Bug 678318 - Gamma conversion slow


Summary:	Gamma conversion slow


Status:	RESOLVED FIXED

Product:	GEGL
Classification:	Other
Component:	babl
Version:	unspecified
Hardware:	Other Linux

Importance:	Normal normal
Target Milestone:	---
Assigned To:	Default Gegl Component Owner
QA Contact:	Default Gegl Component Owner

URL:
Whiteboard:

Depends on:
Blocks:

Reported:	2012-06-18 13:25 UTC by Alexander Larsson
Modified:	2013-05-03 13:41 UTC

See Also:
GNOME target:	---
GNOME version:	---

Attachments
Add fast approximations of x^2.4 and x^(1/2.4) (7.41 KB, patch) 2012-06-18 13:28 UTC, Alexander Larsson	none	Details \| Review
Add fast approximations of x^2.4 and x^(1/2.4) (7.42 KB, patch) 2012-06-18 13:36 UTC, Alexander Larsson	none	Details \| Review
Use new approximations for gamma conversions (1.72 KB, patch) 2012-06-18 13:36 UTC, Alexander Larsson	none	Details \| Review
Add simple test app to test pow-24 accuracy (1.91 KB, patch) 2012-06-18 13:37 UTC, Alexander Larsson	none	Details \| Review
Newton and simd (12.85 KB, patch) 2013-05-03 12:05 UTC, Loren Merritt	none	Details \| Review

Description Alexander Larsson 2012-06-18 13:25:31 UTC

When I run a simple op like color balance on a rgb 8bpp image in the Geglified gimp it runs pretty slowly. Simple profiling shows that most of the time is spent in conversion to linear to gamma and back. Looking at the code it seems we can do this better, so I implemented the chebyshev approximation from:

http://stackoverflow.com/questions/6475373/optimizations-for-pow-with-const-non-integer-exponent/6478839#6478839

With this code doing x^2.4 and x^(1/2.4) the color balance plugin goes from reporting about 1.5 MPixels/sec to about 2 MPixels/sec, i.e. a speed up by 33%.

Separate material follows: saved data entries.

(* [tau] bounds the tails P[D > u h] of the caps, [tau'] bounds r P[D > u h]
   for the caps below the peak, and [L] truncates the size-biased mean. *)
Lemma lsum_weight_trees_peak_ge eps tau tau' L G :
  0 <= eps -> 3 * eps <= mu -> mu - mean_upto L <= eps ->
  0 <= tau -> INR L * mu * G * tau <= eps -> 0 <= tau' -> G * tau' <= eps ->
  forall d g r u, geom_sum mu d <= G -> (g <= d)%nat -> (1 <= r)%nat ->
  (forall h, (h < g)%nat -> mu - mean_upto (u h) <= eps) ->
  (forall h, (h <= d)%nat -> h <> g -> mass_above (u h) <= tau) -> mass_above (r - 1) <= tau ->
  (forall h, (g < h)%nat -> (h <= d)%nat -> INR r * mass_above (u h) <= tau') ->
  p r * (mu - 3 * eps) ^ g * (1 - eps) <= lsum (weight p d) (trees_peak d g r u).
Proof.
  intros He0 He3 HL Ht HLt Ht' HGt'.
  pose proof mu_nonneg as Hmu. pose proof (pos_INR L) as HL0.
  induction d as [|d IH]; intros g r u HG Hg Hr Hlow Hcap Hpeak Hbelow.
  - replace g with 0%nat by lia. cbn [trees_peak]. rewrite lsum_cons, lsum_nil.
    cbn [weight pow]. pose proof (p_nonneg r). nra.
  - assert (HGd : geom_sum mu d <= G) by (pose proof (geom_sum_le_S mu d Hmu); lra).
    pose proof (geom_sum_nonneg mu d Hmu).
    destruct g as [|g].
    + rewrite pow_O, Rmult_1_r. apply trees_peak_root_ge.
      assert (INR r * excess d (shift u) <= geom_sum mu d * tau')
        by (apply mul_excess_le; [apply pos_INR|intros h Hh; apply Hbelow; lia]).
      nra.
    + assert (Hex : excess d (update (shift u) g (r - 1)) <= geom_sum mu d * tau).
      { rewrite <- (Rmult_1_l (excess _ _)). apply mul_excess_le; [lra|].
        intros h Hh. rewrite Rmult_1_l. unfold update, shift.
        destruct (Nat.eqb_spec h g); [assumption|apply Hcap; lia]. }
      eapply Rle_trans;
        [|apply (trees_peak_level_ge eps L); [assumption|apply Hlow; lia|]].
      * rewrite <- tech_pow_Rmult.
        assert (p r * (mu - 3 * eps) ^ g * (1 - eps) <= lsum (weight p d) (trees_peak d g r (shift u))).
        { apply IH; auto; [lia|intros h Hh; apply Hlow; lia|intros h Hh Hne; apply Hcap; lia|].
          intros h Hh1 Hh2. apply Hbelow; lia. }
        assert (0 <= mu - 3 * eps) by lra. nra.
      * assert (INR L * mu * excess d (update (shift u) g (r - 1)) <= INR L * mu * (G * tau)).
        { apply Rmult_le_compat_l; [apply Rmult_le_pos; auto|].
          apply Rle_trans with (geom_sum mu d * tau); [assumption|apply Rmult_le_compat_r; auto]. }
        lra.
Qed.

End Offspring.

Lemma mul_div_succ_le a e : 0 <= a -> 0 <= e -> a * (e / (a + 1)) <= e.
Proof.
  intros Ha He. replace (a * (e / (a + 1))) with (e * (a / (a + 1))) by (field; lra).
  assert (a / (a + 1) <= 1).
  { apply Rmult_le_reg_r with (a + 1); [lra|]. unfold Rdiv. rewrite Rmult_assoc, Rinv_l; lra. }
  assert (0 <= a / (a + 1)) by (apply Rmult_le_pos; auto; left; apply Rinv_0_lt_compat; lra).
  nra.
Qed.

Lemma lsum_seq_sum f n : lsum f (seq 0 (S n)) = sum_f_R0 f n.
Proof.
  induction n as [|n IH]; [simpl; unfold lsum; simpl; lra|].
  rewrite seq_S, lsum_app, IH, lsum_cons, lsum_nil. simpl. ring.
Qed.

Lemma partial_sum_le f l : (forall k, 0 <= f k) -> infinite_sum f l -> forall n, sum_f_R0 f n <= l.
Proof.
  intros Hf Hs. apply growing_ineq; [|exact Hs]. intros n. simpl. specialize (Hf (S n)). lra.
Qed.

Lemma partial_sum_deficit f l : infinite_sum f l ->
  forall e, 0 < e -> exists B, forall n, (B <= n)%nat -> l - sum_f_R0 f n <= e.
Proof.
  intros Hs e He. destruct (Hs e He) as [B HB]. exists B. intros n Hn. specialize (HB n Hn).
  unfold R_dist in HB. pose proof (Rle_abs (-(sum_f_R0 f n - l))). rewrite Rabs_Ropp in *. lra.
Qed.

Section Series.

Variable p : nat -> R.
Hypothesis p_nonneg : forall k, 0 <= p k.
Hypothesis p_sum : infinite_sum p 1.
Variable mu : R.
Hypothesis p_mean : infinite_sum (fun k => INR k * p k) mu.

Lemma mass_upto_le_1 x : mass_upto p x <= 1.
Proof. unfold mass_upto. rewrite lsum_seq_sum. apply partial_sum_le; auto. Qed.

Lemma mean_upto_le x : mean_upto p x <= mu.
Proof.
  unfold mean_upto. rewrite lsum_seq_sum. apply partial_sum_le; auto.
  intros k. apply Rmult_le_pos; auto. apply pos_INR.
Qed.

Lemma mass_above_vanishes e : 0 < e -> exists B, forall x, (B <= x)%nat -> mass_above p x <= e.
Proof.
  intros He. destruct (partial_sum_deficit p 1 p_sum e He) as [B HB]. exists B. intros x Hx.
  unfold mass_above, mass_upto. rewrite lsum_seq_sum. auto.
Qed.

Lemma mean_deficit_vanishes e : 0 < e -> exists B, forall x, (B <= x)%nat -> mu - mean_upto p x <= e.
Proof.
  intros He. destruct (partial_sum_deficit _ mu p_mean e He) as [B HB]. exists B. intros x Hx.
  unfold mean_upto. rewrite lsum_seq_sum. auto.
Qed.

There is probably some other problem too, because i think for a rgb24 buffer I *should* be hitting some fastpath for this operation (I hope?).

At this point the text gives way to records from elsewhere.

Lemma gt_T1_33_of_leafy x0 x1 x2 x4 x5 : 0 < x2 -> 0 < x0 + x1 + x4 + x5 ->
  gt_T1_33 [:: x0; x1; x2; 0; x4; x5].
Proof.
case: x2 => // b2 _.
case: x0 => [|b0]; case: x1 => [|b1]; case: x4 => [|b4]; case: x5 => [|b5] // _.
- exact: gt_T1_33_w3.
- exact: gt_T1_33_w2.
- exact: gt_T1_33_w2_w3.
- exact: gt_T1_33_v2.
- exact: gt_T1_33_v2_w3.
- exact: gt_T1_33_v2_w2.
- exact: gt_T1_33_v2_w2_w3.
- exact: gt_T1_33_v1.
- exact: gt_T1_33_v1_w3.
- exact: gt_T1_33_v1_w2.
- exact: gt_T1_33_v1_w2_w3.
- exact: gt_T1_33_v1_v2.
- exact: gt_T1_33_v1_v2_w3.
- exact: gt_T1_33_v1_v2_w2.
- exact: gt_T1_33_v1_v2_w2_w3.
Qed.

Lemma ltr_ratio_nat (a b c d : nat) : 0 < b -> 0 < d -> a * d < c * b ->
  (a%:R / b%:R < c%:R / d%:R :> rat)%R.
Proof.
move=> b_gt0 d_gt0 lt_ad_cb.
by rewrite ltr_pdivrMr ?ltr0n // mulrAC ltr_pdivlMr ?ltr0n // -!natrM ltr_nat.
Qed.

Lemma avm_T1_33_lt k xs : sumn xs = k -> 0 < k -> 0 < num_mm xs -> gt_T1_33 xs ->
  ((sum_mm (T1_33_counts k))%:R / (num_mm (T1_33_counts k))%:R <
   (sum_mm xs)%:R / (num_mm xs)%:R :> rat)%R.
Proof.
move=> <- k_gt0 num_gt0 gt_T1_33_xs.
by rewrite sum_mm_T1_33 // num_mm_T1_33 //; apply: ltr_ratio_nat; rewrite ?addn_gt0 ?orbT.
Qed.

Theorem lemma4p4 (n : nat) (hn : (7 <= n)%N) (f : 'I_(n - 6) -> 'I_6)
  (hv3 : exists i, f i = v3)
  (hw1 : forall i, f i != w1)
  (hother : exists i, f i \in [:: v1; v2; w2; w3]) :
  (avm (T1_33 n) < avm (pend_adj f))%R.
Proof.
have leafy_v3 : 0 < nleaves f v3.
  by rewrite nleaves_gt0; case: hv3 => i f_i; apply/existsP; exists i; rewrite f_i.
have leafless_w1 : nleaves f w1 = 0.
  by apply/eqP; rewrite -leqn0 leqNgt nleaves_gt0 negb_exists; apply/forallP.
have leafy_other : 0 < nleaves f v1 + nleaves f v2 + nleaves f w2 + nleaves f w3.
  case: hother => i; rewrite !inE => /or4P [] /eqP f_i;
  by move: (nleaves_f f i); rewrite f_i -lt0n => leafy; rewrite !addn_gt0 leafy ?orbT.
rewrite /T1_33 !avm_pendant leaf_counts_T1_33.
apply: avm_T1_33_lt (sumn_leaf_counts f) _ (num_mm_gt0 f) _; first by rewrite subn_gt0.
by rewrite /leaf_counts leafless_w1; apply: gt_T1_33_of_leafy.
Qed.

Comment 1 Alexander Larsson 2012-06-18 13:28:44 UTC

Created attachment 216675 [details] [review]
Add fast approximations of x^2.4 and x^(1/2.4)

Use a chebyshev polynominal approximation of these to speed up
gamma conversion. Based on the post in:

http://stackoverflow.com/questions/6475373/optimizations-for-pow-with-const-non-integer-exponent/6478839#6478839

Comment 2 Alexander Larsson 2012-06-18 13:36:23 UTC

Created attachment 216676 [details] [review]
Add fast approximations of x^2.4 and x^(1/2.4)

Comment 3 Alexander Larsson 2012-06-18 13:36:52 UTC

Created attachment 216677 [details] [review]
Use new approximations for gamma conversions

Comment 4 Alexander Larsson 2012-06-18 13:37:20 UTC

Created attachment 216678 [details] [review]
Add simple test app to test pow-24 accuracy

Comment 5 Øyvind Kolås (pippin) 2012-06-18 14:04:00 UTC

I've pushed the two first commits, for such inner-loops the overhead of function calls start mattering as well, it might be beneficial to make it possible to inline all of this directly from util.h where it is used.

There is probably some other regression in GIMP biting us, I get similar performance to what you are reporting. A couple of months ago similar tests yielded ~8 megapixels/second IIRC.

Comment 6 Alexander Larsson 2012-06-18 14:17:14 UTC

Its a lot of code to inline...

Comment 7 Behdad Esfahbod 2012-09-25 13:21:01 UTC

The code looks awesome.  Have you tried vectorizing it?

Comment 8 Alexander Larsson 2012-10-02 13:43:38 UTC

Behdad: I have not, but it might be worth doing. You could e.g. do r g b in parallel.

Comment 9 Loren Merritt 2013-05-03 12:05:19 UTC

Created attachment 243174 [details] [review]
Newton and simd

I vectorized it. Also improved the scalar version.
Total speedup: 11x.

Comment 10 Michael Natterer 2013-05-03 12:37:07 UTC

WTF :) We keep you!

Comment 11 Øyvind Kolås (pippin) 2013-05-03 13:41:40 UTC

yay! thanks =)

commit 33bbf893b4b2c9a2ea9c2ccafc14a51c2c1757e7
Author: Loren Merritt <pengvado@akuvian.org>
Date:   Mon Apr 29 09:49:18 2013 +0000

    SSE2-optimized gamma correction
    
    7x faster than the scalar implementation.
    (4x the obvious way from simd, and the other 1.75x because I'm exploiting
    knowledge of the ieee754 float format rather than using portable frexp().)

commit f683335fb0d06aef7170fac523ae2ab83173a7de
Author: Loren Merritt <pengvado@akuvian.org>
Date:   Thu Apr 25 17:50:53 2013 +0000

    Optimize gamma correction
    
    Switch from Chebyshev polynomial to Newton's method, which is both simpler a
    1.5x faster for the same precision.